W3C home > Mailing lists > Public > public-ldp-wg@w3.org > May 2013

Missing use case for supporting ldp:membershipPredicate/Subject

From: Steve Speicher <sspeiche@gmail.com>
Date: Tue, 28 May 2013 15:53:38 -0400
Message-ID: <CAOUJ7Jp1L=qeTHS6VzmrvDc3ushPZk_eVc7OPbpWCf=9Ndqr+g@mail.gmail.com>
To: "public-ldp-wg@w3.org" <public-ldp-wg@w3.org>
I've drafted some motivation around how the ldp:membershipPredicate/Subject
came into being and what motivated it.  Perhaps this is missing from the
UC&R [1] and I can gladly work to get that resolved.  Seems that ISSUE-71
is around this topic as well.

Let's take one of the most simple examples of what one might find based on
the recent primer examples, let's say a bug that has a few properties but
no associated attachments or child bugs.

Representation of bug http://example.org/bugs/13:

<> a bt:Bug ;
      dcterms:title "Product A crashes when shutting down.";
      dcterms:creator <http://example.org/users/johndoe>;
      dcterms:created "2013-05-05T10:00"^^xsd:dateTime;

Now we'll explore how add a couple screen shots to the bug.
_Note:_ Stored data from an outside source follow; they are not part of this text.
Theorem proposition3p6 (Q : InvQuantaloid) (A : QCatData Q) (HA : IsQCat A) :
  let L := fun (X : qobj Q) (phi : dist (star X) (As A)) =>
             distcomp (SA A) phi in
  let C1 :=
    (* (1) L_A : (A_s)_sc -> (A_cc)_s is surjective on objects *)
    forall (X : qobj Q) (psi : dist (star X) A), IsLeftAdj psi ->
      exists phi : dist (star X) (As A),
        IsSymLeftAdj phi /\ (forall a u, L X phi a u = psi a u) in
  let C2 :=
    (* (2) psi_s : *_X -> A_s is a symmetric left adjoint *)
    forall (X : qobj Q) (psi : dist (star X) A), IsLeftAdj psi ->
      IsSymLeftAdj (B := As A) (dist_s psi : dist (star X) (As A)) in
  let C3 :=
    (* (3) Psi_s : X_s -> A_s is a symmetric left adjoint *)
    forall (X : QCatData Q), IsQCat X ->
      forall Psi : dist X A, IsLeftAdj Psi -> IsSymLeftAdj (dist_s Psi) in
  (C1 <-> C2) /\ (C2 <-> C3) /\
  (C1 ->
    (* L_A is well defined on objects *)
    (forall (X : qobj Q) (phi : dist (star X) (As A)),
        IsSymLeftAdj phi -> IsLeftAdj (L X phi)) /\
    (* psi |-> psi_s lands in (A_s)_sc and is a right inverse of L_A *)
    (forall (X : qobj Q) (psi : dist (star X) A), IsLeftAdj psi ->
        IsSymLeftAdj (B := As A) (dist_s psi : dist (star X) (As A)) /\
        (forall a u, L X (dist_s psi : dist (star X) (As A)) a u = psi a u)) /\
    (* ... and a left inverse of L_A *)
    (forall (X : qobj Q) (phi : dist (star X) (As A)), IsSymLeftAdj phi ->
        forall a u, (dist_s (L X phi) : dist (star X) (As A)) a u = phi a u) /\
    (* L_A preserves homs: (A_cc)_s(L phi', L phi) = (A_s)_sc(phi', phi) *)
    (forall (X Y : qobj Q) (phi : dist (star X) (As A)) (phi' : dist (star Y) (As A)),
        IsSymLeftAdj phi -> IsSymLeftAdj phi' ->
        qmeet (cchom (L Y phi') (L X phi)) (qinv (cchom (L X phi) (L Y phi')))
        = cchom phi' phi)).
Proof.
  intros L C1 C2 C3.
  assert (C2_of_C1 : C1 -> C2).
  { intros H1 X psi psi_ladj. destruct (H1 X psi psi_ladj) as [phi [phi_sym L_phi]].
    replace psi with (LA phi)
      by (do 2 (apply functional_extensionality_dep; intro); apply L_phi).
    rewrite (dist_s_LA HA phi_sym). exact phi_sym. }
  assert (L_dist_s : C2 -> forall X (psi : dist (star X) A), IsLeftAdj psi ->
                       forall a u, L X (dist_s psi) a u = psi a u).
  { intros H2 X psi [R psi_adj]. exact (LA_dist_s psi_adj (H2 X psi (ex_intro _ R psi_adj))). }
  split; [split | split; [split |]].
  - exact C2_of_C1.
  - intros H2 X psi psi_ladj. exists (dist_s psi). auto.
  - intros H2 Xc [_ Xc_refl] Psi [R Psi_adj].
    apply (IsSymLeftAdj_dist_s Xc_refl Psi_adj). intro x.
    rewrite <- (dist_s_col Xc_refl Psi_adj x). apply H2.
    exists (dist_row R x). exact (IsAdj_col Xc_refl Psi_adj x).
  - intros H3 X psi psi_ladj.
    exact (IsSymLeftAdj_As_star (H3 (star X) (star_IsQCat X) psi psi_ladj)).
  - intro H1. pose proof (C2_of_C1 H1) as H2. split; [| split; [| split]].
    + intros X phi phi_sym. exists (LA_radj phi). exact (LA_IsAdj HA phi_sym).
    + intros X psi psi_ladj. auto.
    + intros X phi phi_sym a u. exact (f_equal (fun f => f a u) (dist_s_LA HA phi_sym)).
    + intros X Y phi phi' phi_sym phi'_sym. exact (cchom_LA HA phi_sym phi'_sym).
Qed.
(* Let $\Omega\subset\mathbb{R}^2$ be a bounded domain and $X\subset\overline{\Omega}$ a finite set with $X\setminus\partial\Omega\subset\mathrm{int}(\mathrm{conv}(X\cap\partial\Omega))$. Then $(\mathcal{P}_X)$ and $(\mathcal{P}_X^* )$ are mutually dual conic quadratic problems, both admit solutions, and $$\mathcal{Z}_X:=\min\mathcal{P}_X=\max\mathcal{P}_X^*<\infty.$$ Moreover, for $(\mathbf{s},\mathbf{q})\in\mathbb{R}^m_+\times\mathbb{R}^m$ and $(\mathbf{u}_1,\mathbf{u}_2,\mathbf{w})\in(\mathbb{R}^n)^3$: $(\mathbf{s},\mathbf{q})$ (completed by some $\mathbf{r}$) solves $(\mathcal{P}_X)$ and $(\mathbf{u}_1,\mathbf{u}_2,\mathbf{w})$ (completed by some $\mathbf{t}_1,\mathbf{t}_2,\mathbf{t}_3$) solves $(\mathcal{P}_X^* )$ if and only if: (i) $\frac14((\mathbf{D}\mathbf{w})_k)^2/l_k+(\mathbf{B}_1\mathbf{u}_1+\mathbf{B}_2\mathbf{u}_2)_k\le l_k$ for every $k$; (ii) $\mathbf{B}_1^\top\mathbf{s}=\mathbf{0}$, $\mathbf{B}_2^\top\mathbf{s}=\mathbf{0}$, $\mathbf{D}^\top\mathbf{q}=\mathbf{f}$; (iii) $\frac14((\mathbf{D}\mathbf{w})_k)^2/l_k+(\mathbf{B}_1\mathbf{u}_1+\mathbf{B}_2\mathbf{u}_2)_k=l_k$ for each $k$ with $s_k\ne0$; (iv) $q_k=\frac12 s_k(\mathbf{D}\mathbf{w})_k/l_k$ for every $k$.
   Context: Discrete setting: let $\bar n=\#X$, $n=\#(X\setminus\partial\Omega)$, fix an enumeration $\chi:\{1,\dots,n\}\to X\setminus\partial\Omega$, let $m=\bar n(\bar n-1)/2$ and fix an enumeration $k\mapsto\{\chi_-(k),\chi_+(k)\}$ of all unordered pairs of distinct points of $X$. A discrete load is a signed measure $f_X$ supported on $X$; $\mathbf{f}\in\mathbb{R}^n$, $f_i=f_X(\{\chi(i)\})$. $\mathbf{l}\in\mathbb{R}^m$, $l_k=|\chi_+(k)-\chi_-(k)|$. Vectors $\mathbf{u}_1,\mathbf{u}_2,\mathbf{w}\in\mathbb{R}^n$ are identified with $u:X\to\mathbb{R}^2$, $w:X\to\mathbb{R}$ vanishing on $X\cap\partial\Omega$ via $(u_{1;i},u_{2;i})=u(\chi(i))$ (components in a fixed Cartesian basis) and $w_i=w(\chi(i))$. Matrices $\mathbf{B}_1,\mathbf{B}_2,\mathbf{D}\in\mathbb{R}^{m\times n}$ are defined by $(\mathbf{B}_1\mathbf{u}_1+\mathbf{B}_2\mathbf{u}_2)_k=(u(\chi_+(k))-u(\chi_-(k)))\cdot\frac{\chi_+(k)-\chi_-(k)}{l_k}$ and $(\mathbf{D}\mathbf{w})_k=w(\chi_+(k))-w(\chi_-(k))$. Rotated cone $\mathrm{K}=\{(t_1,t_2,t_3)\in\mathbb{R}^3:t_1,t_2\ge0,\ 2t_1t_2\ge t_3^2\}$; $(\mathbf{a},\mathbf{b},\mathbf{c})\in\mathrm{K}^m$ means $(a_k,b_k,c_k)\in\mathrm{K}$ for all $k$. $(\mathcal{P}_X)$: $\inf\{\mathbf{l}^\top\mathbf{s}+2\mathbf{l}^\top\mathbf{r}:\mathbf{s},\mathbf{r}\in\mathbb{R}^m_+,\mathbf{q}\in\mathbb{R}^m,\ \mathbf{B}_1^\top\mathbf{s}=\mathbf{0},\mathbf{B}_2^\top\mathbf{s}=\mathbf{0},\mathbf{D}^\top\mathbf{q}=\mathbf{f},\ (\mathbf{r},\mathbf{s},\mathbf{q})\in\mathrm{K}^m\}$. $(\mathcal{P}_X^* )$: $\sup\{\mathbf{f}^\top\mathbf{w}:\mathbf{u}_1,\mathbf{u}_2,\mathbf{w}\in\mathbb{R}^n,\ \mathbf{t}_1,\mathbf{t}_2\in\mathbb{R}^m_+,\mathbf{t}_3\in\mathbb{R}^m,\ \mathbf{t}_2+\mathbf{B}_1\mathbf{u}_1+\mathbf{B}_2\mathbf{u}_2=\mathbf{l},\ \mathbf{t}_3+\mathbf{D}\mathbf{w}=\mathbf{0},\ \mathbf{t}_1=2\mathbf{l},\ (\mathbf{t}_1,\mathbf{t}_2,\mathbf{t}_3)\in\mathrm{K}^m\}$. *)

From HB Require Import structures.
From mathcomp Require Import all_boot all_order all_algebra.
From mathcomp Require Import all_classical all_reals all_analysis.
Set Implicit Arguments. Unset Strict Implicit. Unset Printing Implicit Defensive.
Import Order.TTheory GRing.Theory Num.Theory.
Import numFieldNormedType.Exports.
Local Open Scope classical_set_scope.
Local Open Scope ring_scope.

Section Defs.
Variable R : realType.
Notation pt2 := (R * R)%type.

Definition bdry (A : set pt2) : set pt2 := closure A `\` interior A.

Definition conv_hull (A : set pt2) : set pt2 :=
  [set x | exists (k : nat) (c : 'I_k -> R) (a : 'I_k -> pt2),
      (forall i, 0 <= c i) /\ \sum_(i < k) c i = 1 /\ (forall i, A (a i)) /\
      x = (\sum_(i < k) c i * (a i).1, \sum_(i < k) c i * (a i).2)].

Definition edist (x y : pt2) : R :=
  Num.sqrt ((x.1 - y.1) ^+ 2 + (x.2 - y.2) ^+ 2).

Variables (nbar n m : nat) (p : 'I_nbar -> pt2) (chi : 'I_n -> 'I_nbar)
          (chm chp : 'I_m -> 'I_nbar).

Definition lvec : 'cV[R]_m := \col_k edist (p (chp k)) (p (chm k)).

(* incidence coefficient: u(chi_+(k)) - u(chi_-(k)) as a function of the
   interior unknown attached to chi(i) (u vanishes on boundary points) *)
Definition inc (k : 'I_m) (i : 'I_n) : R :=
  (chp k == chi i)%:R - (chm k == chi i)%:R.

Definition Bmat1 : 'M[R]_(m, n) :=
  \matrix_(k, i) (inc k i * ((p (chp k)).1 - (p (chm k)).1) / lvec k 0).
Definition Bmat2 : 'M[R]_(m, n) :=
  \matrix_(k, i) (inc k i * ((p (chp k)).2 - (p (chm k)).2) / lvec k 0).
Definition Dmat : 'M[R]_(m, n) := \matrix_(k, i) inc k i.

Definition inK (t1 t2 t3 : R) : Prop := 0 <= t1 /\ 0 <= t2 /\ t3 ^+ 2 <= 2 * t1 * t2.

Definition nonneg {k} (v : 'cV[R]_k) : Prop := forall i, 0 <= v i 0.

Definition dotv {k} (a b : 'cV[R]_k) : R := \sum_i a i 0 * b i 0.

Variable f : 'cV[R]_n.

Definition P_feas (s r q : 'cV[R]_m) : Prop :=
  nonneg s /\ nonneg r /\
  Bmat1^T *m s = 0 /\ Bmat2^T *m s = 0 /\ Dmat^T *m q = f /\
  (forall k, inK (r k 0) (s k 0) (q k 0)).
Definition P_obj (s r : 'cV[R]_m) : R := dotv lvec s + 2 * dotv lvec r.
Definition P_opt (s r q : 'cV[R]_m) : Prop :=
  P_feas s r q /\
  forall s' r' q', P_feas s' r' q' -> P_obj s r <= P_obj s' r'.

Definition D_feas (u1 u2 w : 'cV[R]_n) (t1 t2 t3 : 'cV[R]_m) : Prop :=
  nonneg t1 /\ nonneg t2 /\
  t2 + Bmat1 *m u1 + Bmat2 *m u2 = lvec /\ t3 + Dmat *m w = 0 /\
  t1 = 2%:R *: lvec /\
  (forall k, inK (t1 k 0) (t2 k 0) (t3 k 0)).
Definition D_obj (w : 'cV[R]_n) : R := dotv f w.
Definition D_opt (u1 u2 w : 'cV[R]_n) (t1 t2 t3 : 'cV[R]_m) : Prop :=
  D_feas u1 u2 w t1 t2 t3 /\
  forall u1' u2' w' t1' t2' t3', D_feas u1' u2' w' t1' t2' t3' ->
    D_obj w' <= D_obj w.

End Defs.

From mathcomp Require Import all_boot all_order all_algebra.
From mathcomp Require Import all_classical all_reals all_analysis.
From mathcomp Require Import ring lra.
Import Order.TTheory GRing.Theory Num.Theory.
Import numFieldNormedType.Exports.
Local Open Scope classical_set_scope.
Local Open Scope ring_scope.

Set Implicit Arguments.
Unset Strict Implicit.
Unset Printing Implicit Defensive.

(* For (r, s, q) in the rotated cone and a dual point satisfying (i), the gap
   l s + 2 l r - s a - q d of each edge (a and d being the entries of B1 u1 + B2 u2 and D w)
   is nonnegative by a sum-of-squares identity, and it vanishes exactly under (iii) and (iv).
   Under (ii) the primal value minus the dual value is the sum of these gaps, so KKT points are
   optimal pairs with equal values, and any optimal pair has zero gap once a KKT point exists.
   A KKT point comes from a dual maximiser: the dual feasible set is compact, since each interior
   node x lies inside the convex hull of the boundary nodes y, and the constraint of the edge
   from x to y bounds u(x).(x - y) from above; the multipliers then come from Farkas' lemma,
   the origin being a strictly feasible point. *)

Section Farkas.
Variables (R : realFieldType) (Y : lmodType R).
Implicit Types (psi : Y -> R) (y : Y).

Lemma scalar_lincomb psi1 psi2 (a b : R) : scalar psi1 -> scalar psi2 ->
  scalar (fun y => a * psi1 y - b * psi2 y).
Proof. by move=> L1 L2 c y z; rewrite L1 L2; ring. Qed.

Lemma scalarN psi y : scalar psi -> psi (- y) = - psi y.
Proof. by move=> L; rewrite -scaleN1r (scalable_linear L) /= mulN1r. Qed.

Definition coef_cons p (c : R) (lam : 'I_p -> R) (i : 'I_p.+1) : R :=
  if unlift ord0 i is Some j then lam j else c.
Lemma homeo_hmul {a b} : homeo a -> homeo b -> homeo (hmul a b).
Proof.
move=> ha hb; exists (finv a \o finv b); split => x /=.
- by rewrite /hmul /= !finvK.
- by rewrite /hmul /= !finvKV.
- by apply: continuous_comp; exact: homeo_cont.
- by apply: continuous_comp; apply/homeo_cont/homeo_finv.
Qed.

Lemma finv_hmul a b : homeo a -> homeo b -> finv (hmul a b) = hmul (finv b) (finv a).
Proof.
move=> ha hb; apply: finv_uniq; first exact: homeo_hmul.
by move=> x; rewrite /hmul /= !finvKV.
Qed.

Lemma finv_finv a : homeo a -> finv (finv a) = a.
Proof. by move=> ha; apply: finv_uniq; [exact: homeo_finv | exact: finvK]. Qed.

Lemma finv_id : finv id = id.
Proof. exact: finv_uniq homeo_id _. Qed.

Lemma homeo_hcomm {a b} : homeo a -> homeo b -> homeo (hcomm a b).
Proof. by move=> ha hb; do 3! apply: homeo_hmul => //; apply: homeo_finv. Qed.

Lemma finv_hcomm a b : homeo a -> homeo b -> finv (hcomm a b) = hcomm b a.
Proof.
move=> ha hb; apply: finv_uniq; first exact: homeo_hcomm.
by move=> x; rewrite /hcomm /hmul /= !(finvK ha, finvK hb, finvKV ha, finvKV hb).
Qed.

Lemma hcomm_id_commute {a b} : homeo a -> homeo b -> hcomm a b = id ->
  forall p, a (b p) = b (a p).
Proof.
move=> ha hb e p; have := congr1 (fun f => f (a (b p))) e.
by rewrite /hcomm /hmul /= finvK // finvK.
Qed.

(* Conjugation [g^h = h^-1 g h]; as a map, [conjh h g = h \o g \o h^-1]. *)
Definition conjh (h g : CS -> CS) : CS -> CS := hmul (hmul (finv h) g) h.

Lemma homeo_conjh {h g} : homeo h -> homeo g -> homeo (conjh h g).
Proof. by move=> hh hg; do 2! apply: homeo_hmul => //; apply: homeo_finv. Qed.

Lemma conjh_id h : homeo h -> conjh h id = id.
Proof. by move=> hh; apply: funext => p; rewrite /conjh /hmul /= finvKV. Qed.

Lemma conjh1 g : conjh id g = g.
Proof. by rewrite /conjh finv_id. Qed.

Lemma conjh_mul h a b : homeo h -> conjh h (hmul a b) = hmul (conjh h a) (conjh h b).
Proof. by move=> hh; apply: funext => p; rewrite /conjh /hmul /= finvK. Qed.

Lemma finv_conjh h a : homeo h -> homeo a -> finv (conjh h a) = conjh h (finv a).
Proof.
move=> hh ha; apply: finv_uniq; first exact: homeo_conjh.
by move=> x; rewrite /conjh /hmul /= !(finvK hh, finvKV ha, finvKV hh).
Qed.

Lemma conjh_conjh h g l : homeo h -> homeo g ->
  conjh h (conjh g l) = conjh (hmul g h) l.
Proof. by move=> hh hg; apply: funext => p; rewrite /conjh finv_hmul // /hmul /=. Qed.

Lemma grp_homeo {K} : is_group K -> K `<=` homeo. Proof. by case. Qed.
Lemma grp_id {K} : is_group K -> K id. Proof. by case. Qed.
Lemma grp_mul {K a b} : is_group K -> K a -> K b -> K (hmul a b).
Proof. by case=> _ _ m _; apply: m. Qed.
Lemma grp_inv {K a} : is_group K -> K a -> K (finv a).
Proof. by case=> _ _ _ i; apply: i. Qed.

Lemma grp_conj {K h g} : is_group K -> K h -> K g -> K (conjh h g).
Proof. by move=> gK Kh Kg; do 2! apply: grp_mul => //; exact: grp_inv. Qed.

Lemma grp_comm {K a b} : is_group K -> K a -> K b -> K (hcomm a b).
Proof. by move=> gK Ka Kb; do 3! apply: grp_mul => //; exact: grp_inv. Qed.

Lemma is_group_homeo : is_group homeo.
Proof.
by split => //; [exact: homeo_id | move=> a b; exact: homeo_hmul |
  move=> a; exact: homeo_finv].
Qed.

Lemma is_groupI {K L} : is_group K -> is_group L -> is_group (K `&` L).
Proof.
move=> gK gL; split.
- by move=> x [Kx _]; exact: grp_homeo Kx.
- by split; [exact: grp_id gK | exact: grp_id gL].
- by move=> a b [Ka La] [Kb Lb]; split; exact: grp_mul.
- by move=> a [Ka La]; split; exact: grp_inv.
Qed.

Lemma normal_hcomm {N G g n} : is_group N -> normal_in N G -> G g -> N n ->
  N (hcomm g n) /\ N (hcomm n g).
Proof.
move=> gN nN Gg Nn; split.
  exact: grp_mul gN (nN _ _ Gg (grp_inv gN Nn)) Nn.
change (N (hmul (finv n) (conjh g n))).
by apply: (grp_mul gN); [exact: grp_inv | exact: nN].
Qed.

Lemma normal_in_sub {N G H} : G `<=` H -> normal_in N H -> normal_in N G.
Proof. by move=> GH nN g n /GH; exact: nN. Qed.

Lemma gen_sub S K : is_group K -> S `<=` K -> gen S `<=` K.
Proof. by move=> gK SK x gx; apply: gx; split. Qed.

Lemma sub_gen S : S `<=` gen S.
Proof. by move=> x Sx K [_ SK]; apply: SK. Qed.

Lemma gen_group S : S `<=` homeo -> is_group (gen S).
Proof.
move=> Sh; split.
- exact: gen_sub is_group_homeo Sh.
- by move=> K [gK _]; exact: grp_id.
- by move=> a b ga gb K [gK SK]; apply: grp_mul => //; [apply: ga | apply: gb].
- by move=> a ga K [gK SK]; apply: grp_inv => //; apply: ga.
Qed.
Theorem propositionB1 (R : realType) (p k1 k2 n : nat)
  (X : set (p.-tuple R))
  (hXmeas : measurable X)
  (hXbdd : exists B : R, forall x, X x -> forall i, `|tnth x i| <= B)
  (hXvol : (0 < volume X < +oo)%E)
  (Phi : p.-tuple R -> 'M[R]_(k1, k2))
  (hPhimeas : forall i j, measurable_fun X (fun x => Phi x i j))
  (Rn : 'M[R]_(k1, k2) -> R) (hRn : is_norm Rn)
  (r d phimax : R) (Theta_star : 'M[R]_(k1, k2))
  (xs : 'I_n -> p.-tuple R) (hn : (0 < n)%N) (hxs : forall t, X (xs t))
  (hstar : Rn Theta_star <= r)
  (hd : forall x, X x -> dual_norm Rn (Phi x) <= d)
  (hphi : forall x, X x -> maxnorm (Phi x) <= phimax)
  (rbar : R) (hrbar : 0 < rbar) :
  forall Theta : 'M[R]_(k1, k2), Rn Theta <= rbar ->
  forall lambda : R,
    eigenvalue (hessian (fun v => Ln X Phi xs (vec_mx v)) (mxvec Theta)) lambda ->
    lambda <= 4 * (k1 * k2)%:R * phimax ^+ 2 * expR (2 * rbar * d).
Proof.
move=> Theta Theta_rbar lam.
have volX_gt0 := proj1 (andP hXvol).
have Phi_entry x : X x -> forall i j, `|Phi x i j| <= phimax.
  by move=> Xx i j; apply: le_trans (hphi x Xx); exact: mx_entry_le_maxnorm.
have frob_Phi x : X x -> `|frob Theta (Phi x)| <= rbar * d.
  move=> Xx; apply: le_trans (normr_frob_le hRn _ _) _.
  by rewrite ler_pM ?hd ?dual_norm_ge0 //; case: hRn.
pose Ps t := Phi_tilde X Phi (xs t).
have weight t : 0 <= n%:R^-1 * expR (- frob_vec (Ps t) (mxvec Theta)) <=
    n%:R^-1 * expR (2 * rbar * d).
  rewrite mulr_ge0 ?invr_ge0 ?expR_ge0 //= ler_wpM2l ?invr_ge0 // ler_expR.
  rewrite /frob_vec mxvecK -mulrA lerNl; apply: lerNnormlW.
  exact: normr_frob_Phi_tilde_le hXmeas hXbdd volX_gt0 hPhimeas Phi_entry _ _ _ (hxs t) frob_Phi.
have Ps_entry t a : `|mxvec (Ps t) 0 a| <= 2 * phimax.
  case/mxvec_indexP: a => i j; rewrite mxvecE.
  exact: Phi_tilde_entry_le hXmeas hXbdd volX_gt0 hPhimeas Phi_entry _ _ _ (hxs t).
rewrite (_ : (fun v => _) = exp_sum (fun _ => n%:R^-1) Ps) => [lam_eig|]; last first.
  by apply/funext => v; rewrite /Ln /exp_sum mulr_sumr.
have -> : 4 * (k1 * k2)%:R * phimax ^+ 2 * expR (2 * rbar * d) =
    n%:R * (k1 * k2)%:R * (2 * phimax) ^+ 2 * (n%:R^-1 * expR (2 * rbar * d)).
  by field; rewrite pnatr_eq0 -lt0n.
exact: eigenvalue_gram_le (hessian_exp_sum _ _ _) weight Ps_entry lam_eig.
Qed.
Using this
information I have with this resource, I'm not sure how I do that (assuming
I am a Linked Data client). I could just attempt to PUT replace the
contents and add a bt:attachment statement referring to the screenshot.
Depending on the server, it may reject it for a couple of reasons, such as:
it doesn't known anything about bt:attachment, or it has restrictions on
the object (where the attachment is physically stored), or simple PUT
updates not allowed for bt:attachment.
To help with this problem, we can associate an ldp:Container with this bug
resource to assist with this. So we expand our example, with out modifying
any of the original model, just adding a few more statements.

<> a bt:Bug ;
      dcterms:title "Product A crashes when shutting down.";
      dcterms:creator <http://example.org/users/johndoe>;
      dcterms:created "2013-05-05T10:00"^^xsd:dateTime.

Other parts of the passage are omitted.